▶ Instructions for the task
Of all the lines below, output only those starting at the one with "n)%nat -> reach n W i j." and ending at the one with "Fixpoint mpow (n", both ends included, exactly as written.

Stored records
--*--

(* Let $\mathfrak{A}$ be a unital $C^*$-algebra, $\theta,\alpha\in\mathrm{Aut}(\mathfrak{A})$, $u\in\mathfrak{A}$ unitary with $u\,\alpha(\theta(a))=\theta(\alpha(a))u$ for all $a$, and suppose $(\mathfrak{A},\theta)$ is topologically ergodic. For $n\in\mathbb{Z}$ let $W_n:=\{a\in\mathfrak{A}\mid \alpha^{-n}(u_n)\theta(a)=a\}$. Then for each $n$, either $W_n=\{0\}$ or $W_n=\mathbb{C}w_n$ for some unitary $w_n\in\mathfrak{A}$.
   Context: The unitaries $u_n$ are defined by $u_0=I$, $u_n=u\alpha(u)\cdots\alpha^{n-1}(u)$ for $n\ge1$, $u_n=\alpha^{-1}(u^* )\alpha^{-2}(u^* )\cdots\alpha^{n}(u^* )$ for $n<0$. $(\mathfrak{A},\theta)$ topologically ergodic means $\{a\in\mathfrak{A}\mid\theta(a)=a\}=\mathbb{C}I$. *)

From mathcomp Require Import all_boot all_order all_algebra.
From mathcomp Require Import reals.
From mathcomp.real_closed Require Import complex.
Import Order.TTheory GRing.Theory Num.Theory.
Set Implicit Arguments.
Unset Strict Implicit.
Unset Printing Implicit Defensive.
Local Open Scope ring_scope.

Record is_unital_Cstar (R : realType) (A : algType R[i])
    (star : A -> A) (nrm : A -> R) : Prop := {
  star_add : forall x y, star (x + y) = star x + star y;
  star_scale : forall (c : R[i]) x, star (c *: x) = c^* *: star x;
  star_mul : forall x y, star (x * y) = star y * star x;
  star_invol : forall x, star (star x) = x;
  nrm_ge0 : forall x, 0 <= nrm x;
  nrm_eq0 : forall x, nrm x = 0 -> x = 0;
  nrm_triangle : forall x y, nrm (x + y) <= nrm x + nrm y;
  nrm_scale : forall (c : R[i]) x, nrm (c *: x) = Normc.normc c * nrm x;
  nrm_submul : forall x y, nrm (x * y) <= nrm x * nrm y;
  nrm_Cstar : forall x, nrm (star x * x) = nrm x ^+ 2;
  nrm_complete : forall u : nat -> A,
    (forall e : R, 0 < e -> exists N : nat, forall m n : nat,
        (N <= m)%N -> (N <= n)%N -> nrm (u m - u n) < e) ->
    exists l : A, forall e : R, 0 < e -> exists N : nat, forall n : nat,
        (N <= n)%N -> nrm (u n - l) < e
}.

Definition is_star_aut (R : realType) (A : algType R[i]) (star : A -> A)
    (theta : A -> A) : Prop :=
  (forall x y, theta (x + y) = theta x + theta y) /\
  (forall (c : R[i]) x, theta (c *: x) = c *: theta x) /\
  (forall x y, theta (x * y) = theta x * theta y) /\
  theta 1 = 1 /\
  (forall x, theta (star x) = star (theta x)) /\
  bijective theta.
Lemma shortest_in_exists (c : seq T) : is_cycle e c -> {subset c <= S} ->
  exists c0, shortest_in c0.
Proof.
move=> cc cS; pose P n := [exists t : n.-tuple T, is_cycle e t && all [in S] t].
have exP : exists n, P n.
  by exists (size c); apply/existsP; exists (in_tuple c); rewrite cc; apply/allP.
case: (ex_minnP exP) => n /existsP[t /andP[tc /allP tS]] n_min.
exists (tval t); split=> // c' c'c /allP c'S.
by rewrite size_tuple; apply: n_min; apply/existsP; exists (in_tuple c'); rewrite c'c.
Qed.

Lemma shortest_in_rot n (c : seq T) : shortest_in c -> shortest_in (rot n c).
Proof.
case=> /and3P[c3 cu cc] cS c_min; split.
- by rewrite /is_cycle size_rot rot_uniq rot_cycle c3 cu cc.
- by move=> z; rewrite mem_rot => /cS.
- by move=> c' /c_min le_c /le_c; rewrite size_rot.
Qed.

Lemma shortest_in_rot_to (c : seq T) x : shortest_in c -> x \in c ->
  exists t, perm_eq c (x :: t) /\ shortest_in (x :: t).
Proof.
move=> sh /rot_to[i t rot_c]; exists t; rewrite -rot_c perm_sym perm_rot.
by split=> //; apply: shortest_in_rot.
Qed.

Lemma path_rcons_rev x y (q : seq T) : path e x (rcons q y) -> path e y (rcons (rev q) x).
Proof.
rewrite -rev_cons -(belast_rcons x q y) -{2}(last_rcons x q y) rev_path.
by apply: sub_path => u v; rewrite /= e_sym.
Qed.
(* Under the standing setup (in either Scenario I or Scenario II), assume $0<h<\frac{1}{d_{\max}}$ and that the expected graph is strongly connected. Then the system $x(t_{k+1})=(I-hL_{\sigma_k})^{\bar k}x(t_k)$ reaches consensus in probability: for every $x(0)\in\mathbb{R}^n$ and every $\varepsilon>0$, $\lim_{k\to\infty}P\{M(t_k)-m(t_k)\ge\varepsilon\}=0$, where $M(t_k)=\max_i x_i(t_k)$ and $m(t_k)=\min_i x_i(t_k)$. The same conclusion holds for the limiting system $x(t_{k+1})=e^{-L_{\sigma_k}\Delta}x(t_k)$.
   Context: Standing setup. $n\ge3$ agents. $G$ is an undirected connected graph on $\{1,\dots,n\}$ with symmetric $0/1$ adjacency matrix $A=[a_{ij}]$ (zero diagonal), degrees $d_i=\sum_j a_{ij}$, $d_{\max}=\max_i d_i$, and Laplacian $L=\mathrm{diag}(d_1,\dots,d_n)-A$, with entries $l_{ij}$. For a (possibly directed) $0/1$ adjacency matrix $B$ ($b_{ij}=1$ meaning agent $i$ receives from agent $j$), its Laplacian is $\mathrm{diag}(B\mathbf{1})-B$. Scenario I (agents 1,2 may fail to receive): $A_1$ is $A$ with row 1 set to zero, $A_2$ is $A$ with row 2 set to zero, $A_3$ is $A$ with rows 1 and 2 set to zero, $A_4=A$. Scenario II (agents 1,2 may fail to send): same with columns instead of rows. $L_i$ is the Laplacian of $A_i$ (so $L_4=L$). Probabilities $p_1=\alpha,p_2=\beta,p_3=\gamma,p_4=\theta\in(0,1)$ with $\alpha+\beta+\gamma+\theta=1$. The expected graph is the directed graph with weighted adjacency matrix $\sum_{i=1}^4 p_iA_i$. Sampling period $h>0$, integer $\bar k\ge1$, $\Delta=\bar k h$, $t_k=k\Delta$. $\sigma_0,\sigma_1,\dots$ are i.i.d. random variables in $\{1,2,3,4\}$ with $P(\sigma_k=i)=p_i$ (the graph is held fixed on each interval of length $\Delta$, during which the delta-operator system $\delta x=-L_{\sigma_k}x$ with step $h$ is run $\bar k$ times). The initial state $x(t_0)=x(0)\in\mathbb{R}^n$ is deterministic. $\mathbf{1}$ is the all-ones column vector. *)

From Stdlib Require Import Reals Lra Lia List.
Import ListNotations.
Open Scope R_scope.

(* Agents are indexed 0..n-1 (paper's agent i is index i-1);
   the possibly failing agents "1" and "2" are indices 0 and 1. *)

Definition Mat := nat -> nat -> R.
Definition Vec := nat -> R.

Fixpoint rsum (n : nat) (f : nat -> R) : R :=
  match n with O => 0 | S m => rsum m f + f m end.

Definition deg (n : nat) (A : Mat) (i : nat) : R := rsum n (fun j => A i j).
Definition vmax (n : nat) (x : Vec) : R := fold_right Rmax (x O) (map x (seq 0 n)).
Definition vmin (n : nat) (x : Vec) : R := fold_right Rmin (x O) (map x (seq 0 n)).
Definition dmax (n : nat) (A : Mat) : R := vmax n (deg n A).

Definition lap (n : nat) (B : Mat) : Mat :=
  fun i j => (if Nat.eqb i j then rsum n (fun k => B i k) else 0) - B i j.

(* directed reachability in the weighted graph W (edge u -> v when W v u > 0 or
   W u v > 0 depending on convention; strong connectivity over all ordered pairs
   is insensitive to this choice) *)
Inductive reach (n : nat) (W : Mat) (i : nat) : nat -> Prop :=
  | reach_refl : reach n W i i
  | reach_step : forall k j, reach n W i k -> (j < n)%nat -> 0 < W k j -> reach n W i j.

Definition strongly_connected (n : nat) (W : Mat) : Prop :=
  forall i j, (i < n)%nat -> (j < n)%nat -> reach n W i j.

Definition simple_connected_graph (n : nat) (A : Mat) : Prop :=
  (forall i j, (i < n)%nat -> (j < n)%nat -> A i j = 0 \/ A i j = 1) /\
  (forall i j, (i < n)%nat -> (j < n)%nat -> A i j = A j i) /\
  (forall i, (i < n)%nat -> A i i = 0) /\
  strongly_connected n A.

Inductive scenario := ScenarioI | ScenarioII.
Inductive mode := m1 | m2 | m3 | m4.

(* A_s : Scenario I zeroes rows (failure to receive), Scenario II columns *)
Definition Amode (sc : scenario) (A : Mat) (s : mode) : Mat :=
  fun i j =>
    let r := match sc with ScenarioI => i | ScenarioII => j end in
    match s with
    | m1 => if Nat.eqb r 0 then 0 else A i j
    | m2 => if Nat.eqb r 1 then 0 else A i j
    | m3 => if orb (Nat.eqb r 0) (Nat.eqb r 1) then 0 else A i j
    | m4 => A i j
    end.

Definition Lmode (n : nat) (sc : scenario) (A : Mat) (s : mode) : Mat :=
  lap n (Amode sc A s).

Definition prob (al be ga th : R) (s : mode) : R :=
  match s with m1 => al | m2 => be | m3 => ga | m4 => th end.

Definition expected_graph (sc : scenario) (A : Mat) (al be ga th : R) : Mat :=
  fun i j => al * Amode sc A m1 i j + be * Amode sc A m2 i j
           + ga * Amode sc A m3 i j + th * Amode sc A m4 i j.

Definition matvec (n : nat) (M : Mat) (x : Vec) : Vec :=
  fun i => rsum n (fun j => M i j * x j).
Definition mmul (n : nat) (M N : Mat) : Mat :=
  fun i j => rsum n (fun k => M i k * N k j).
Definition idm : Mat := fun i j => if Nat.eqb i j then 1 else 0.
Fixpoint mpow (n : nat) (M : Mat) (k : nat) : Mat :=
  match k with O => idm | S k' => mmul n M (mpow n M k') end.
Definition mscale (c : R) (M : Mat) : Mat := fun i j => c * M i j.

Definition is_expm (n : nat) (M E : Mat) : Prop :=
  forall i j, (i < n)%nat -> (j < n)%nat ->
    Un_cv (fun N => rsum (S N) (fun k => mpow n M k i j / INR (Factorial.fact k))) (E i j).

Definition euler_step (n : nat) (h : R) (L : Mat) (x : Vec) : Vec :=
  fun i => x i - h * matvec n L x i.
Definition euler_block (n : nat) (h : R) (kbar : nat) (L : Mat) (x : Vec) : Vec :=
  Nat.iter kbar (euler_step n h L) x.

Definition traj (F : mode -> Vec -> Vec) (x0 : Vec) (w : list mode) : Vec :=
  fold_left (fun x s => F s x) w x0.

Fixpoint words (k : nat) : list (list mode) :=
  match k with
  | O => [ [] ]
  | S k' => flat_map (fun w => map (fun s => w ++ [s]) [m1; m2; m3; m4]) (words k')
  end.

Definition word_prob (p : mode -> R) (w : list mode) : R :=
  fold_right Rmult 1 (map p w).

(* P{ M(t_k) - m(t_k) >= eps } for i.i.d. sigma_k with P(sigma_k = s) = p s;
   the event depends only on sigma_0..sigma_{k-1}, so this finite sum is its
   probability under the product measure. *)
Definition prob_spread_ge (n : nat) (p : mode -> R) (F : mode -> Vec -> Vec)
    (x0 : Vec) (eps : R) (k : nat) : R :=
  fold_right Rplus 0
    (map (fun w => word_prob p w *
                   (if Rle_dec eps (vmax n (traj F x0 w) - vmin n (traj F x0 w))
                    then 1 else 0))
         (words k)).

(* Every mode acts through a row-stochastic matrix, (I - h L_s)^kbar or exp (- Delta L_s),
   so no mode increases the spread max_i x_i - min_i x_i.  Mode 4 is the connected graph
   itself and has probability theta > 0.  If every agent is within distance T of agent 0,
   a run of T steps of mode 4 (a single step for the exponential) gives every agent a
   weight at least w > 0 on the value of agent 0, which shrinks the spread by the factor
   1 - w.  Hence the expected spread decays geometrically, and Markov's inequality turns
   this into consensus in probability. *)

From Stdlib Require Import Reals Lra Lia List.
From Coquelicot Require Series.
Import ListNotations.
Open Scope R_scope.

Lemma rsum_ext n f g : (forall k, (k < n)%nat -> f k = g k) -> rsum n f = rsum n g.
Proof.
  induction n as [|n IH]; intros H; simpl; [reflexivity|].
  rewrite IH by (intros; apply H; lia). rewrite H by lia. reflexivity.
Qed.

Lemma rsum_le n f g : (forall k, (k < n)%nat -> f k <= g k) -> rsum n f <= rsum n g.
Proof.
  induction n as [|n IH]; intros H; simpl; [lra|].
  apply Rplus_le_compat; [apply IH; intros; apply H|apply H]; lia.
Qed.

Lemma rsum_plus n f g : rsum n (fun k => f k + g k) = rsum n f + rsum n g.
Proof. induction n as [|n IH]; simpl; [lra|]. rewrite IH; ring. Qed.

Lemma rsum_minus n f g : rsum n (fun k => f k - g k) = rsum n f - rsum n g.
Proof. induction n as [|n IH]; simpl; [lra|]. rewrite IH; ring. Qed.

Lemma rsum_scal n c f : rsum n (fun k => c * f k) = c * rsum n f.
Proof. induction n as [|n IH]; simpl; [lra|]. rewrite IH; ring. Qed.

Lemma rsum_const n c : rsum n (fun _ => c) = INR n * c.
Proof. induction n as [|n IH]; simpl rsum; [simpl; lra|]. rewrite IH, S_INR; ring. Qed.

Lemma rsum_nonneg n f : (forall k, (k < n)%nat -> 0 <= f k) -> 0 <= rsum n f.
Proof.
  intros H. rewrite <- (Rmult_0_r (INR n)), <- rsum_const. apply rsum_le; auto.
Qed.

--*--

▶ Your response
  forall i j, (i < n)%nat -> (j < n)%nat -> reach n W i j.

Definition simple_connected_graph (n : nat) (A : Mat) : Prop :=
  (forall i j, (i < n)%nat -> (j < n)%nat -> A i j = 0 \/ A i j = 1) /\
  (forall i j, (i < n)%nat -> (j < n)%nat -> A i j = A j i) /\
  (forall i, (i < n)%nat -> A i i = 0) /\
  strongly_connected n A.

Inductive scenario := ScenarioI | ScenarioII.
Inductive mode := m1 | m2 | m3 | m4.

(* A_s : Scenario I zeroes rows (failure to receive), Scenario II columns *)
Definition Amode (sc : scenario) (A : Mat) (s : mode) : Mat :=
  fun i j =>
    let r := match sc with ScenarioI => i | ScenarioII => j end in
    match s with
    | m1 => if Nat.eqb r 0 then 0 else A i j
    | m2 => if Nat.eqb r 1 then 0 else A i j
    | m3 => if orb (Nat.eqb r 0) (Nat.eqb r 1) then 0 else A i j
    | m4 => A i j
    end.

Definition Lmode (n : nat) (sc : scenario) (A : Mat) (s : mode) : Mat :=
  lap n (Amode sc A s).

Definition prob (al be ga th : R) (s : mode) : R :=
  match s with m1 => al | m2 => be | m3 => ga | m4 => th end.

Definition expected_graph (sc : scenario) (A : Mat) (al be ga th : R) : Mat :=
  fun i j => al * Amode sc A m1 i j + be * Amode sc A m2 i j
           + ga * Amode sc A m3 i j + th * Amode sc A m4 i j.

Definition matvec (n : nat) (M : Mat) (x : Vec) : Vec :=
  fun i => rsum n (fun j => M i j * x j).
Definition mmul (n : nat) (M N : Mat) : Mat :=
  fun i j => rsum n (fun k => M i k * N k j).
Definition idm : Mat := fun i j => if Nat.eqb i j then 1 else 0.
Fixpoint mpow (n : nat) (M : Mat) (k : nat) : Mat :=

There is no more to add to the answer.